■ About this exercise
Please keep to the lines below from the one with "pose proof (count_form_divisible c1" through the one with "- intros x Hx.", and restate them word for word, ends included.

Dataset entries
Content starts

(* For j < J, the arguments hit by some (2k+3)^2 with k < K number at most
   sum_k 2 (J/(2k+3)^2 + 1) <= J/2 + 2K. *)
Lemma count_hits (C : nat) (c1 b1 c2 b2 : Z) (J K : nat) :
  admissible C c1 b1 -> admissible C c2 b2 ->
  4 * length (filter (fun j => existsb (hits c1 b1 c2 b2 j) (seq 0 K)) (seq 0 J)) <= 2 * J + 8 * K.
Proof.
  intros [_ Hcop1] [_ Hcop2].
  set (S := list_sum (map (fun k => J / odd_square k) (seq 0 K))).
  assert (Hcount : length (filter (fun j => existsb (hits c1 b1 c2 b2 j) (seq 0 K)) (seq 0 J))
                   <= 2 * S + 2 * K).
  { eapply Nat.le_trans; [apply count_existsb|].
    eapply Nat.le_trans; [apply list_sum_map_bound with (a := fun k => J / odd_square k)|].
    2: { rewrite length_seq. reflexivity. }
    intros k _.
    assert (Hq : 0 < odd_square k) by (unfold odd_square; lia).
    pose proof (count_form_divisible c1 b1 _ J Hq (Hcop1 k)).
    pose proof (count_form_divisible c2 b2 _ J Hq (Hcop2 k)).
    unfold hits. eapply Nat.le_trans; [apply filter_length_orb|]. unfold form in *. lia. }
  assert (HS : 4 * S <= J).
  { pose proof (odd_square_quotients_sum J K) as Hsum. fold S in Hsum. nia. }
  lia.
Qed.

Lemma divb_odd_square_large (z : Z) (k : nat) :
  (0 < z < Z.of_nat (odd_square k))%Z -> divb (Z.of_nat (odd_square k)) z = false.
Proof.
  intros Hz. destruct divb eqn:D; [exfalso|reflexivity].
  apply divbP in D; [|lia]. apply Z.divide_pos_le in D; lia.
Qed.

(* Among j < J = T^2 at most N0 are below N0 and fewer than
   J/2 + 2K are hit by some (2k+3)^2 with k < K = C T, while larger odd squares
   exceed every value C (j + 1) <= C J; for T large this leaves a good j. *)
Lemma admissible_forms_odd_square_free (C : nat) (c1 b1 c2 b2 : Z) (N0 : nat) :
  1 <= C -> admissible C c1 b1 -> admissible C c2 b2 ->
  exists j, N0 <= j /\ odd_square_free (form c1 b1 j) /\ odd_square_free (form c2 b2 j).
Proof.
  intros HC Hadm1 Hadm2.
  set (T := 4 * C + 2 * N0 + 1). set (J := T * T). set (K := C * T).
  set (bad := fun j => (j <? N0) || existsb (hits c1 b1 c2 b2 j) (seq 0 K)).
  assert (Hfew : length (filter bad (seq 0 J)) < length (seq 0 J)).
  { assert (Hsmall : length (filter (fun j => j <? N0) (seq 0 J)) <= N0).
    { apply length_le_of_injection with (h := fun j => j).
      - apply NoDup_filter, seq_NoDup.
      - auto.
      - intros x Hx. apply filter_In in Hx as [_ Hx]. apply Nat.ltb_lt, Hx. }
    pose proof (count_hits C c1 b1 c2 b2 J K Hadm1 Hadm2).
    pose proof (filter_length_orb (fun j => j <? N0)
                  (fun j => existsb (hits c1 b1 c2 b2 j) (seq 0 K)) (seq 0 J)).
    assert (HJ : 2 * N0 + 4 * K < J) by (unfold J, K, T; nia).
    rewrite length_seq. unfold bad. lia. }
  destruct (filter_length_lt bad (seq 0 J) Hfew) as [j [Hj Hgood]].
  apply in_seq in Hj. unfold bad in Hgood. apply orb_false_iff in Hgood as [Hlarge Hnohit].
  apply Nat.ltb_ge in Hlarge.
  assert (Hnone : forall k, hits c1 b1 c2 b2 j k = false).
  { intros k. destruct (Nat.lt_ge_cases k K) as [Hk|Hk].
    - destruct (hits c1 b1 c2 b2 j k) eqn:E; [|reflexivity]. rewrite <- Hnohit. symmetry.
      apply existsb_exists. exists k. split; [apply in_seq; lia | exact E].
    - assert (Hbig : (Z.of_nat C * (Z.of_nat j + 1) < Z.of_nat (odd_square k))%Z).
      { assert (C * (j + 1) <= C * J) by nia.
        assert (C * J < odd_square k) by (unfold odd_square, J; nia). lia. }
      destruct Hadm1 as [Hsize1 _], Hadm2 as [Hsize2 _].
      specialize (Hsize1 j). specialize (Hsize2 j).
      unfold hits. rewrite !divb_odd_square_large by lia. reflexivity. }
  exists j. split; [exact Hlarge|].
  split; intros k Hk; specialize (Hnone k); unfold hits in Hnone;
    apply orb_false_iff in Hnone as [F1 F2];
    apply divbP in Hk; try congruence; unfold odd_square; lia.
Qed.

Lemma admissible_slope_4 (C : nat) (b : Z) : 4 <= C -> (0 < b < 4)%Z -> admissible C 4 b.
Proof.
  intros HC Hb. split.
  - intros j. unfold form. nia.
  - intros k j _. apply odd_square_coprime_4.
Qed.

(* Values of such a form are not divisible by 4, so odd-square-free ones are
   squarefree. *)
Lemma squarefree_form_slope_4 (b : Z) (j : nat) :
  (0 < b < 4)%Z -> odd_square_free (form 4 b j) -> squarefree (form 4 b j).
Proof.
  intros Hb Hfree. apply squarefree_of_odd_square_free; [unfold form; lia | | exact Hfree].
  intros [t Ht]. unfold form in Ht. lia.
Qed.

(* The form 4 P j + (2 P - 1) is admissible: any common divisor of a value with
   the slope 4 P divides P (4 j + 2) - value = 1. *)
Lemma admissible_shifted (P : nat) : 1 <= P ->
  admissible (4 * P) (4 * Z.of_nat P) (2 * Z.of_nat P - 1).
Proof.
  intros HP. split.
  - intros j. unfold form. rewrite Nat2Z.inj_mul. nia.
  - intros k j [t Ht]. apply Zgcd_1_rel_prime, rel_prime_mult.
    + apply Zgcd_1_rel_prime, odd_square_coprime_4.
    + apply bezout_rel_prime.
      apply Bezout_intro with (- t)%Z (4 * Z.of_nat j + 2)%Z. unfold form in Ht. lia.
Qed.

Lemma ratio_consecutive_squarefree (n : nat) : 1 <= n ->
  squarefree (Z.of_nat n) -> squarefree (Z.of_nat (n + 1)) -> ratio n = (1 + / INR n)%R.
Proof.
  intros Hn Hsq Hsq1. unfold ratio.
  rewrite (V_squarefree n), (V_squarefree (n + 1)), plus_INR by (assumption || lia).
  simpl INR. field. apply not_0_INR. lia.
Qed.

Content ends

■ Response to the task
    pose proof (count_form_divisible c1 b1 _ J Hq (Hcop1 k)).
    pose proof (count_form_divisible c2 b2 _ J Hq (Hcop2 k)).
    unfold hits. eapply Nat.le_trans; [apply filter_length_orb|]. unfold form in *. lia. }
  assert (HS : 4 * S <= J).
  { pose proof (odd_square_quotients_sum J K) as Hsum. fold S in Hsum. nia. }
  lia.
Qed.

Lemma divb_odd_square_large (z : Z) (k : nat) :
  (0 < z < Z.of_nat (odd_square k))%Z -> divb (Z.of_nat (odd_square k)) z = false.
Proof.
  intros Hz. destruct divb eqn:D; [exfalso|reflexivity].
  apply divbP in D; [|lia]. apply Z.divide_pos_le in D; lia.
Qed.

(* Among j < J = T^2 at most N0 are below N0 and fewer than
   J/2 + 2K are hit by some (2k+3)^2 with k < K = C T, while larger odd squares
   exceed every value C (j + 1) <= C J; for T large this leaves a good j. *)
Lemma admissible_forms_odd_square_free (C : nat) (c1 b1 c2 b2 : Z) (N0 : nat) :
  1 <= C -> admissible C c1 b1 -> admissible C c2 b2 ->
  exists j, N0 <= j /\ odd_square_free (form c1 b1 j) /\ odd_square_free (form c2 b2 j).
Proof.
  intros HC Hadm1 Hadm2.
  set (T := 4 * C + 2 * N0 + 1). set (J := T * T). set (K := C * T).
  set (bad := fun j => (j <? N0) || existsb (hits c1 b1 c2 b2 j) (seq 0 K)).
  assert (Hfew : length (filter bad (seq 0 J)) < length (seq 0 J)).
  { assert (Hsmall : length (filter (fun j => j <? N0) (seq 0 J)) <= N0).
    { apply length_le_of_injection with (h := fun j => j).
      - apply NoDup_filter, seq_NoDup.
      - auto.
      - intros x Hx. apply filter_In in Hx as [_ Hx]. apply Nat.ltb_lt, Hx. }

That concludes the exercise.